WHAT IS BEING ASKED
Repeat exactly the lines of the entries below from the one with "exists j; split" through the one with "Lemma child_in_children r'", both ends included, and nothing else.

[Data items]
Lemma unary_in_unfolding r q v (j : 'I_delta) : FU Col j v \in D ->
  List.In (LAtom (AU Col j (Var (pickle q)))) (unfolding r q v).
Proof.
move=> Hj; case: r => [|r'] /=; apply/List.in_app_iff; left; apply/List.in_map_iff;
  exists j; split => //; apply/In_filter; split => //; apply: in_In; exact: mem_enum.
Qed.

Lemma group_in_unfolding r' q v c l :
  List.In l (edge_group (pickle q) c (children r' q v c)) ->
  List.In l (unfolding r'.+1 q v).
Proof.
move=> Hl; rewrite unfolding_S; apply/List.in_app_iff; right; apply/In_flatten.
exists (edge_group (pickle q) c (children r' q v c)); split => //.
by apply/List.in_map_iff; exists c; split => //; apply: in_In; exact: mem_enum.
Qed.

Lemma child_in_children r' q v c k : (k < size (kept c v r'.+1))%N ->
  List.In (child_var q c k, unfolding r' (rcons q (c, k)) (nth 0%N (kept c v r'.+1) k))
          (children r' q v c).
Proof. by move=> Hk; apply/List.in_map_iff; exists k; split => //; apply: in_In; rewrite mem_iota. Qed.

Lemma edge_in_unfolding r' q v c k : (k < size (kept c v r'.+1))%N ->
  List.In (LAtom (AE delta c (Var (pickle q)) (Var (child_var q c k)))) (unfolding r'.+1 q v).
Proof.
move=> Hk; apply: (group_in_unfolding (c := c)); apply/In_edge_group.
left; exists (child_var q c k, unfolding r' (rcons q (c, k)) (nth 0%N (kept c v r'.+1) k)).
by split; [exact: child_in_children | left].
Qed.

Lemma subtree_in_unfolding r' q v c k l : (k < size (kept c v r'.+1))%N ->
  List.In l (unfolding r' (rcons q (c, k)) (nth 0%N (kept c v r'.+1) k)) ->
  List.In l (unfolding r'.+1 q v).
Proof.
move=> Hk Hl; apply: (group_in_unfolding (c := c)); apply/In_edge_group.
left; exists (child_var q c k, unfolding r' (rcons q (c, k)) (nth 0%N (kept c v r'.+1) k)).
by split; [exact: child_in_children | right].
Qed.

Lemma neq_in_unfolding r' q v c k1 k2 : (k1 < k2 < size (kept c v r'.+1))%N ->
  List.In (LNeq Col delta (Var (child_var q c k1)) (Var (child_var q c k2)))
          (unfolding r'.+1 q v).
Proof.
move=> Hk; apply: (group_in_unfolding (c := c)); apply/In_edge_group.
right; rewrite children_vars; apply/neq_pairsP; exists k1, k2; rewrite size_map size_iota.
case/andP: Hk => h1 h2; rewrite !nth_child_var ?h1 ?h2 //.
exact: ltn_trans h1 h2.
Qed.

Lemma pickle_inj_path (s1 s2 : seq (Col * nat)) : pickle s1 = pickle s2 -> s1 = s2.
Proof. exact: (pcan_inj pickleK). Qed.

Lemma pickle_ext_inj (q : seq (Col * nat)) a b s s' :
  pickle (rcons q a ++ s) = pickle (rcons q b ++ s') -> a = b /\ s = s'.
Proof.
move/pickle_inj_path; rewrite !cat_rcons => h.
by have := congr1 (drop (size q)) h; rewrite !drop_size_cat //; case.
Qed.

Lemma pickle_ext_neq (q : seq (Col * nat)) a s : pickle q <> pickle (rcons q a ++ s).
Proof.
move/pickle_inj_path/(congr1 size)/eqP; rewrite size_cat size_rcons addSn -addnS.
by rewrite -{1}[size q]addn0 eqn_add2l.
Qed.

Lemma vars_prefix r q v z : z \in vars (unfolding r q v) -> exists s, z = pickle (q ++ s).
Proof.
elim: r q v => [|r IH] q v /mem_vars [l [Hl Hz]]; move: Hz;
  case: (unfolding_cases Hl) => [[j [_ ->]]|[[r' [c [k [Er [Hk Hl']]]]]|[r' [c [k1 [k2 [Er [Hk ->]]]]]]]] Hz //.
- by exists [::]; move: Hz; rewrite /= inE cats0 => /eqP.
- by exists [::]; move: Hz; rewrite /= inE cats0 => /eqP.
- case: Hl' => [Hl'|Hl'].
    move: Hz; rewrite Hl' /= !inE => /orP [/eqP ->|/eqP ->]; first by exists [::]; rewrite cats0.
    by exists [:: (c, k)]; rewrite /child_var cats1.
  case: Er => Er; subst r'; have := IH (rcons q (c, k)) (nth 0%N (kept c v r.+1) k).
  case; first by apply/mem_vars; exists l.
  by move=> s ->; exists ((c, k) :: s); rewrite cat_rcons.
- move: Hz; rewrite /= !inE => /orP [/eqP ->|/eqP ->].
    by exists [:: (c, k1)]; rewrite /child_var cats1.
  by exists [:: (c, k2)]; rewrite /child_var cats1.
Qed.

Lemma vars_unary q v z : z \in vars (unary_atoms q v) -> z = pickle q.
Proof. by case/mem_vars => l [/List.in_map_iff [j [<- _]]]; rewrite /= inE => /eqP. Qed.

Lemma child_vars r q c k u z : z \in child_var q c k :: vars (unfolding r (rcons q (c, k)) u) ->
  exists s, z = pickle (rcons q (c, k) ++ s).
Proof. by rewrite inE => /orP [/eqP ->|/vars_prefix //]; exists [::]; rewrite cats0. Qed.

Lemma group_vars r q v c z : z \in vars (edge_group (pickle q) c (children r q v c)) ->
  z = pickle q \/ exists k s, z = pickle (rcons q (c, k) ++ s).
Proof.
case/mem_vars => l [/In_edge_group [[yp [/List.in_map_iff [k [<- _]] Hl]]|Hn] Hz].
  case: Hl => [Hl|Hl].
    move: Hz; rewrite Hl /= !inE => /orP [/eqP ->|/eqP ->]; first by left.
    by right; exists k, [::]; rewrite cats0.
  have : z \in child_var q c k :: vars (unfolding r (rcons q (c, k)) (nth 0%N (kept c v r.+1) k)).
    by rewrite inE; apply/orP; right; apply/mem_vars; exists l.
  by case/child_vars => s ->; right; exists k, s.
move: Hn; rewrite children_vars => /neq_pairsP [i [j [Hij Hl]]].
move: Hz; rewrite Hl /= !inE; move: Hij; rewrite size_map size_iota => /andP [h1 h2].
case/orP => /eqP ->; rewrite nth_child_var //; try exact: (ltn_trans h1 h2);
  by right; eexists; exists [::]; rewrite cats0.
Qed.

RESPONSE TO THE EXERCISE
  exists j; split => //; apply/In_filter; split => //; apply: in_In; exact: mem_enum.
Qed.

Lemma group_in_unfolding r' q v c l :
  List.In l (edge_group (pickle q) c (children r' q v c)) ->
  List.In l (unfolding r'.+1 q v).
Proof.
move=> Hl; rewrite unfolding_S; apply/List.in_app_iff; right; apply/In_flatten.
exists (edge_group (pickle q) c (children r' q v c)); split => //.
by apply/List.in_map_iff; exists c; split => //; apply: in_In; exact: mem_enum.
Qed.

Lemma child_in_children r' q v c k : (k < size (kept c v r'.+1))%N ->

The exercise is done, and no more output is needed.